菅野所長のエッセイ:素人の強み

 明日から札幌に行く。上々の天気みたいなのでよかった。学会なのだが、発表とかいろいろやることがあるのでちょっと疲れそうである。なるべく疲れを残さずに帰ってこなければなあ。

 先日「児童心理」という雑誌から原稿の依頼があった。確か何ヶ月か前にも原稿を書いたのでおかしいなと思ったが、テーマがわりと僕の得意分野なので納得した。締め切りは1か月後だが、もう書き始めている。こういうことは早く片づけよう。
 この雑誌、2,3年に一度のペースで依頼が来るのであるが、子どものことは専門外なのでいつも気後れしてしまう。送られてくるものを読むと、どうも自分の原稿だけ異質だし。たぶんそういうところに期待してのことなのだろう。玄人の中にひとり素人がいて、そいつの言うことは面白いと。つまり子どもが描いた絵がときに大人には思いもよらぬ表現だったりして、高く評価されるのと似ているな。たいがい勘違いなのだが。

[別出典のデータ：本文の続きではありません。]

Definition padd (p q : pt) : pt := (fst p + fst q, snd p + snd q).
Definition pscale (t : R) (p : pt) : pt := (t * fst p, t * snd p).
Definition pzero : pt := (0, 0).

Definition sqnorm (p : pt) : R := fst p * fst p + snd p * snd p.
Definition dist2 (p q : pt) : R :=
  (fst p - fst q) * (fst p - fst q) + (snd p - snd q) * (snd p - snd q).

Definition Cd (d : R) (p : pt) : Prop := sqnorm p <= d.
Definition C : pt -> Prop := Cd 1.

Definition convex_comb (l : list (R * pt)) : pt :=
  fold_right (fun wp acc => padd (pscale (fst wp) (snd wp)) acc) pzero l.

Definition conv (A : pt -> Prop) (x : pt) : Prop :=
  exists l : list (R * pt),
    (forall wp, In wp l -> 0 <= fst wp /\ A (snd wp)) /\
    fold_right (fun wp s => fst wp + s) 0 l = 1 /\
    x = convex_comb l.

Definition conv3 (a b c : pt) : pt -> Prop :=
  conv (fun p => p = a \/ p = b \/ p = c).

Definition vertex (K : pt -> Prop) (x : pt) : Prop :=
  K x /\
  forall y z t, K y -> K z -> 0 < t < 1 ->
    x = padd (pscale t y) (pscale (1 - t) z) -> y = z.

Definition noncollinear (a b c : pt) : Prop :=
  (fst b - fst a) * (snd c - snd a) - (snd b - snd a) * (fst c - fst a) <> 0.

Definition is_triangle (T : pt -> Prop) : Prop :=
  exists a b c, noncollinear a b c /\ forall x, T x <-> conv3 a b c x.

Definition in_E (T : pt -> Prop) : Prop :=
  exists a b c : pt,
    sqnorm a = 1 /\ sqnorm b = 1 /\ sqnorm c = 1 /\
    a <> b /\
    dist2 a b = dist2 b c /\ dist2 b c = dist2 c a /\
    (forall x, T x <-> conv3 a b c x).

(* Vertices of T^(1-eps): scaling about the origin placing the vertices of T
   on the boundary of C_{1-eps}, i.e. by the factor sqrt(1-eps). *)
Definition scaled_vertex (eps : R) (T : pt -> Prop) (y : pt) : Prop :=
  exists v, vertex T v /\ y = pscale (sqrt (1 - eps)) v.

Definition bigcap (n : nat) (T : nat -> pt -> Prop) (x : pt) : Prop :=
  forall i, (i < n)%nat -> T i x.

Definition hullP (n : nat) (T : nat -> pt -> Prop) (eps : R) : pt -> Prop :=
  conv (fun y => exists i, (i < n)%nat /\ scaled_vertex eps (T i) y).

Definition yes_instance (P : pt -> Prop) (S' : list pt) : Prop :=
  exists T : pt -> Prop, is_triangle T /\
    (forall s, In s S' -> T s) /\ (forall x, T x -> P x).

(* Each T_i is cut out by the three half-planes [dot x v >= -1/2], v running over its
   vertices, so the intersection K of the T_i is cut out by 3n such constraints.  A vertex
   of K is tight on two independent constraints, hence lies on the boundary of at most two
   of the T_i, and on only one edge of each (otherwise it is a vertex of T_i, which lies
   outside every other T_j).  Since |S'| < n, some T_i meets S' on at most one edge k, so S'
   lies in T_i at a uniform distance δ > 0 from its two other edges.  Shrinking T_i moves
   edge k inwards; pushing the two vertices of the shrunk T_i adjacent to that edge towards
   a shrunk vertex of another T_j lying beyond it brings the edge back onto its original
   line.  For small eps the resulting triangle lies in P, and it contains S' because the
   other two edges moved by less than δ. *)

From Stdlib Require Import Reals List Lra Lia Psatz Classical IndefiniteDescription.
Open Scope R_scope.

Definition dot (p q : pt) : R := fst p * fst q + snd p * snd q.
Definition det2 (p q : pt) : R := fst p * snd q - snd p * fst q.
Definition lin3 (x y z : R) (a b c : pt) : pt :=
  (x * fst a + y * fst b + z * fst c, x * snd a + y * snd b + z * snd c).

Lemma pt_eq (p q : pt) : fst p = fst q -> snd p = snd q -> p = q.
Proof. destruct p, q; simpl; intros; subst; reflexivity. Qed.

Lemma dot_comm p q : dot p q = dot q p.
Proof. unfold dot; ring. Qed.

Lemma dot_lin3 x y z a b c q :
  dot (lin3 x y z a b c) q = x * dot a q + y * dot b q + z * dot c q.
Proof. unfold dot, lin3; simpl; ring. Qed.

Lemma dot_padd_scale s e h u : dot (padd s (pscale h e)) u = dot s u + h * dot e u.
Proof. unfold dot, padd, pscale; simpl; ring. Qed.

Lemma det2_sqr a b : det2 a b * det2 a b = dot a a * dot b b - dot a b * dot a b.
Proof. unfold det2, dot; ring. Qed.

Lemma sqr_sum_eq0 x y : x * x + y * y = 0 -> x = 0 /\ y = 0.
Proof. intro H; split; nra. Qed.

Lemma unit_dot_eq1 u v : dot u u = 1 -> dot v v = 1 -> dot u v = 1 -> u = v.
Proof.
  destruct u as [u1 u2], v as [v1 v2]; unfold dot; simpl; intros Hu Hv Huv.
  destruct (sqr_sum_eq0 (u1 - v1) (u2 - v2)) as [E1 E2]; [nra|].
  apply pt_eq; simpl; lra.
Qed.

Lemma unit_dot_bounds u v : dot u u = 1 -> dot v v = 1 -> -1 <= dot u v <= 1.
Proof.
  intros Hu Hv. pose proof (det2_sqr u v) as D. rewrite Hu, Hv in D.
  assert (0 <= det2 u v * det2 u v) by nra. nra.
Qed.

Lemma dot2_inj u v s s' : det2 u v <> 0 ->
  dot s u = dot s' u -> dot s v = dot s' v -> s = s'.
Proof.
  destruct u as [u1 u2], v as [v1 v2], s as [s1 s2], s' as [t1 t2];
    unfold det2, dot; simpl; intros D E1 E2.
  assert (F1 : (s1 - t1) * (u1 * v2 - u2 * v1) = 0).
  { transitivity (v2 * ((s1 * u1 + s2 * u2) - (t1 * u1 + t2 * u2))
                  - u2 * ((s1 * v1 + s2 * v2) - (t1 * v1 + t2 * v2))); [ring|].
    rewrite E1, E2; ring. }
  assert (F2 : (s2 - t2) * (u1 * v2 - u2 * v1) = 0).
  { transitivity (u1 * ((s1 * v1 + s2 * v2) - (t1 * v1 + t2 * v2))
                  - v1 * ((s1 * u1 + s2 * u2) - (t1 * u1 + t2 * u2))); [ring|].
    rewrite E1, E2; ring. }
  apply Rmult_integral in F1 as [F1|F1]; [|contradiction].
  apply Rmult_integral in F2 as [F2|F2]; [|contradiction].
  f_equal; lra.
Qed.

Lemma tight_unit_normals u1 u2 w s : det2 u1 u2 <> 0 ->
  dot u1 u1 = 1 -> dot u2 u2 = 1 -> dot w w = 1 ->
  dot s u1 = -1/2 -> dot s u2 = -1/2 -> dot s w = -1/2 -> w = u1 \/ w = u2.
Proof.
  intros D H1 H2 Hw E1 E2 Ew.
  set (m := det2 w u2 / det2 u1 u2). set (k := det2 u1 w / det2 u1 u2).
  assert (Hx : w = (m * fst u1 + k * fst u2, m * snd u1 + k * snd u2)).
  { unfold m, k. destruct w, u1, u2. unfold det2 in *; simpl in *.
    apply pt_eq; simpl; field; auto. }
  clearbody m k.
  assert (Es : dot s w = m * dot s u1 + k * dot s u2)
    by (rewrite Hx; unfold dot; simpl; ring).
  assert (Ew2 : dot w w = m * m * dot u1 u1 + k * k * dot u2 u2 + 2 * m * k * dot u1 u2)
    by (rewrite Hx; unfold dot; simpl; ring).
  rewrite E1, E2, Ew in Es. rewrite H1, H2, Hw in Ew2.
  assert (G : dot u1 u2 <> 1).
  { intro G. apply D. rewrite (unit_dot_eq1 u1 u2); auto. unfold det2; ring. }
  assert (Z : m * k * (dot u1 u2 - 1) = 0) by nra.
  apply Rmult_integral in Z as [Z|Z]; [|lra].
  apply Rmult_integral in Z as [Z|Z].
  - right. rewrite Hx. assert (k = 1) by lra. subst. apply pt_eq; simpl; ring.
  - left. rewrite Hx. assert (m = 1) by lra. subst. apply pt_eq; simpl; ring.
Qed.

(** * Convex hulls *)

Definition wsum (l : list (R * pt)) : R := fold_right (fun wp s => fst wp + s) 0 l.

Definition weights_in (A : pt -> Prop) (l : list (R * pt)) : Prop :=
  forall wp, In wp l -> 0 <= fst wp /\ A (snd wp).

Definition rescale (w : R) (l : list (R * pt)) : list (R * pt) :=
  map (fun wp => (w * fst wp, snd wp)) l.

Lemma wsum_app l1 l2 : wsum (l1 ++ l2) = wsum l1 + wsum l2.
Proof. induction l1 as [|[w p] l IH]; unfold wsum in *; simpl; [|rewrite IH]; ring. Qed.

Lemma convex_comb_app l1 l2 :
  convex_comb (l1 ++ l2) = padd (convex_comb l1) (convex_comb l2).
Proof.
  induction l1 as [|[w p] l IH]; simpl; [|rewrite IH];
    apply pt_eq; unfold padd, pscale, pzero; simpl; ring.
Qed.

Lemma wsum_rescale w l : wsum (rescale w l) = w * wsum l.
Proof. induction l as [|[v p] l IH]; unfold wsum in *; simpl; [|rewrite IH]; ring. Qed.

Lemma convex_comb_rescale w l : convex_comb (rescale w l) = pscale w (convex_comb l).
Proof.
  induction l as [|[v p] l IH]; simpl; [|rewrite IH];
    apply pt_eq; unfold padd, pscale, pzero; simpl; ring.
Qed.

Lemma weights_in_rescale A w l : 0 <= w -> weights_in A l -> weights_in A (rescale w l).
Proof.
  intros Hw Hl wp Hin. unfold rescale in Hin.
  apply in_map_iff in Hin as [[v q] [<- Hin]]. destruct (Hl _ Hin) as [Hv Hq].
  simpl in *. split; [apply Rmult_le_pos|]; auto.
Qed.

Lemma weights_flatten (A B : pt -> Prop) l :
  (forall y, B y -> conv A y) -> weights_in B l ->
  exists l', weights_in A l' /\ wsum l' = wsum l /\ convex_comb l' = convex_comb l.
Proof.
  intro HB. induction l as [|[w p] l IH]; intro Hl.
  - exists nil. split; [intros ? []|split; reflexivity].
  - destruct IH as [l' [H1 [H2 H3]]]. { intros wp Hw; apply Hl; right; auto. }
    destruct (Hl (w, p)) as [Hw Hp]; [left; auto|]. simpl in Hw, Hp.
    destruct (HB p Hp) as [lp [Hlp [Hsp Hp']]].
    exists (rescale w lp ++ l'). split; [|split].
    + intros wq Hin. apply in_app_or in Hin as [Hin|Hin]; auto.
      apply (weights_in_rescale A w lp Hw Hlp wq Hin).
    + rewrite wsum_app, wsum_rescale, H2. change (wsum lp = 1) in Hsp.
      rewrite Hsp. unfold wsum; simpl; ring.
    + rewrite convex_comb_app, convex_comb_rescale, H3, <- Hp'. reflexivity.
Qed.

Lemma conv_conv (A B : pt -> Prop) x :
  (forall y, B y -> conv A y) -> conv B x -> conv A x.
Proof.
  intros HB [l [Hl [Hs ->]]].
  destruct (weights_flatten A B l HB Hl) as [l' [H1 [H2 H3]]].
  exists l'. split; [auto|split]; [|auto].
  change (wsum l' = 1). rewrite H2. exact Hs.
Qed.

Lemma conv_segment (A : pt -> Prop) y z t : A y -> A z -> 0 <= t <= 1 ->
  conv A (padd (pscale (1 - t) y) (pscale t z)).
Proof.
  intros Hy Hz Ht. exists ((1 - t, y) :: (t, z) :: nil). split; [|split]; simpl.
  - intros wp [<-|[<-|[]]]; simpl; split; auto; lra.
  - ring.
  - apply pt_eq; unfold padd, pscale, pzero; simpl; ring.
Qed.

Lemma conv_in (A : pt -> Prop) x : A x -> conv A x.
Proof.
  intro H. replace x with (padd (pscale (1 - 0) x) (pscale 0 x))
    by (apply pt_eq; unfold padd, pscale; simpl; ring).
  apply conv_segment; auto; lra.
Qed.

Lemma convex_comb3 a b c l : weights_in (fun p => p = a \/ p = b \/ p = c) l ->
  exists la lb lc, 0 <= la /\ 0 <= lb /\ 0 <= lc /\ la + lb + lc = wsum l /\
    convex_comb l = lin3 la lb lc a b c.
Proof.
  induction l as [|[w p] l IH]; intro Hl.
  - exists 0, 0, 0. repeat split; try lra; [unfold wsum; simpl; ring|].
    apply pt_eq; unfold lin3, pzero; simpl; ring.
  - destruct IH as [la [lb [lc [H1 [H2 [H3 [H4 H5]]]]]]].
    { intros wp Hw; apply Hl; right; auto. }
    destruct (Hl (w, p)) as [Hw Hp]; [left; auto|]. simpl in Hw, Hp.
    unfold wsum in *; simpl; rewrite H5.
    destruct Hp as [->|[->| ->]];
      [exists (w + la), lb, lc | exists la, (w + lb), lc | exists la, lb, (w + lc)];
      (repeat split; try lra);
      apply pt_eq; unfold lin3, padd, pscale; simpl; ring.
Qed.

Lemma conv3_bary a b c x : conv3 a b c x <->
  exists la lb lc, 0 <= la /\ 0 <= lb /\ 0 <= lc /\ la + lb + lc = 1 /\
    x = lin3 la lb lc a b c.
Proof.
  split.
  - intros [l [Hl [Hs ->]]].
    destruct (convex_comb3 a b c l Hl) as [la [lb [lc [H1 [H2 [H3 [H4 H5]]]]]]].
    exists la, lb, lc. repeat split; auto. unfold wsum in H4; lra.
  - intros [la [lb [lc [H1 [H2 [H3 [H4 ->]]]]]]].
    exists ((la, a) :: (lb, b) :: (lc, c) :: nil). split; [|split]; simpl.
    + intros wp [<-|[<-|[<-|[]]]]; simpl; auto.
    + lra.
    + apply pt_eq; unfold lin3, padd, pscale, pzero; simpl; ring.
Qed.

(** * Equilateral frames *)

Definition eqframe (a b c : pt) : Prop :=
  dot a a = 1 /\ dot b b = 1 /\ dot a b = -1/2 /\
  fst a + fst b + fst c = 0 /\ snd a + snd b + snd c = 0.

Definition halfplanes3 (a b c x : pt) : Prop :=
  dot x a >= -1/2 /\ dot x b >= -1/2 /\ dot x c >= -1/2.

Lemma eqframe_dots a b c : eqframe a b c ->
  dot c c = 1 /\ dot a c = -1/2 /\ dot b c = -1/2 /\
  (forall x, dot x a + dot x b + dot x c = 0).
Proof.
  destruct a as [a1 a2], b as [b1 b2], c as [c1 c2]; unfold eqframe, dot; simpl.
  intros [H1 [H2 [H3 [H4 H5]]]].
  replace c1 with (- a1 - b1) by lra. replace c2 with (- a2 - b2) by lra.
  repeat split; try nra. intros [x1 x2]; simpl; ring.
Qed.

Lemma eqframe_rot a b c : eqframe a b c -> eqframe b c a.
Proof.
  intro F. pose proof (eqframe_dots _ _ _ F) as [Hc [Hac [Hbc _]]].
  destruct F as [H1 [H2 [H3 [H4 H5]]]]. unfold eqframe; repeat split; auto; lra.
Qed.

Lemma eqframe_swap a b c : eqframe a b c -> eqframe b a c.
Proof.
  intros [H1 [H2 [H3 [H4 H5]]]]. unfold eqframe; rewrite (dot_comm b a).
  repeat split; auto; lra.
Qed.

Lemma eqframe_units a b c : eqframe a b c -> dot a a = 1 /\ dot b b = 1 /\ dot c c = 1.
Proof. intro F. pose proof (eqframe_dots _ _ _ F) as [? _]. destruct F as [? [? _]]. auto. Qed.

Lemma eqframe_neq a b c : eqframe a b c -> a <> b.
Proof. intros [H1 [_ [H3 _]]] ->. lra. Qed.

Lemma eqframe_det a b c : eqframe a b c -> det2 a b <> 0.
Proof.
  intros [H1 [H2 [H3 _]]] E. pose proof (det2_sqr a b) as D.
  rewrite E, H1, H2, H3 in D. lra.
Qed.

まっ考えてみると、この業界での自分の立ち位置がたぶんそれだ。玄人の中にぽつんと紛れ込んだ素人が僕なのだった。「それって違うんじゃないの?」とたいした根拠もないくせに言い続けて、「何を訳の分からんこと言ってるんだ」から「うん、まあ、そういうこともあるかもしれないな」と玄人たちが不承不承つぶやくと。
 昔、呉智英が「吉本隆明はなぜ強いか」ということを書いていて、結論は「吉本は思想界の素人だから」と言っていた。必ずしもそうは思わなかったが、そういうとらえ方自体はありだなと思った。つまりは、素朴な疑問からスタートしているということで、自明なものを疑う。それって現象学の基本だし。
 結局は、思想界にしても心理の世界にしても、確立されているかのように思われているものはただの共同幻想であって、僕の言うことと同じくたいした根拠などない。そういう業界だからである。フロイトとかユングとか、ただの勘違いしてる人たちとしか思えなかったもんな。別に嫌いではないのだが。
 心理の世界で得心のいったのは社会心理学のフェスティンガーの理論くらいかな。他にもあったかもしれないが、自分にはできないけどこうありたいと思ったものだった。

 そういうことに比べたら競馬のほうがいろいろと根拠は見つけることができる。とくに終わった後は。始まる前は何よりも難しく、終わってみると何よりも簡単な問題だった、それが競馬だ。

 先週アパパネは馬群に揉まれる苦しい競馬で5着。たとえすんなりいけたとしても3着までだったろう。3連単はいちおう押さえでは取れたが、当たった感はなし。
 日曜はオークス。GⅠの中で僕が最も得意とするレース。あとは菊花賞。つまり、ほとんどの馬が初距離。桜花賞からは800メートル延び、この距離適性がポイントになる。血統、体型、走法ね。去年は54万円の馬券を取りました。しかも、同じ学会の当日だった! 何だかいい予感がしませんかね?
 ただし今回は、去年と違い堅く収まりそう。本命は⑭ジェントルドンナ。桜花賞を勝ったが距離はもっとあったほうがいい馬だ。⑧ミッドサマーフェア⑨ヴィルシーナが続く。思い切ってこの3頭に絞るのも手だけど。血統的な穴馬が何頭かいるが、中でも人気薄なのは②マイネエポナとダイワデッセー。この辺が絡むと大きい。今年は札幌で結果を待とう。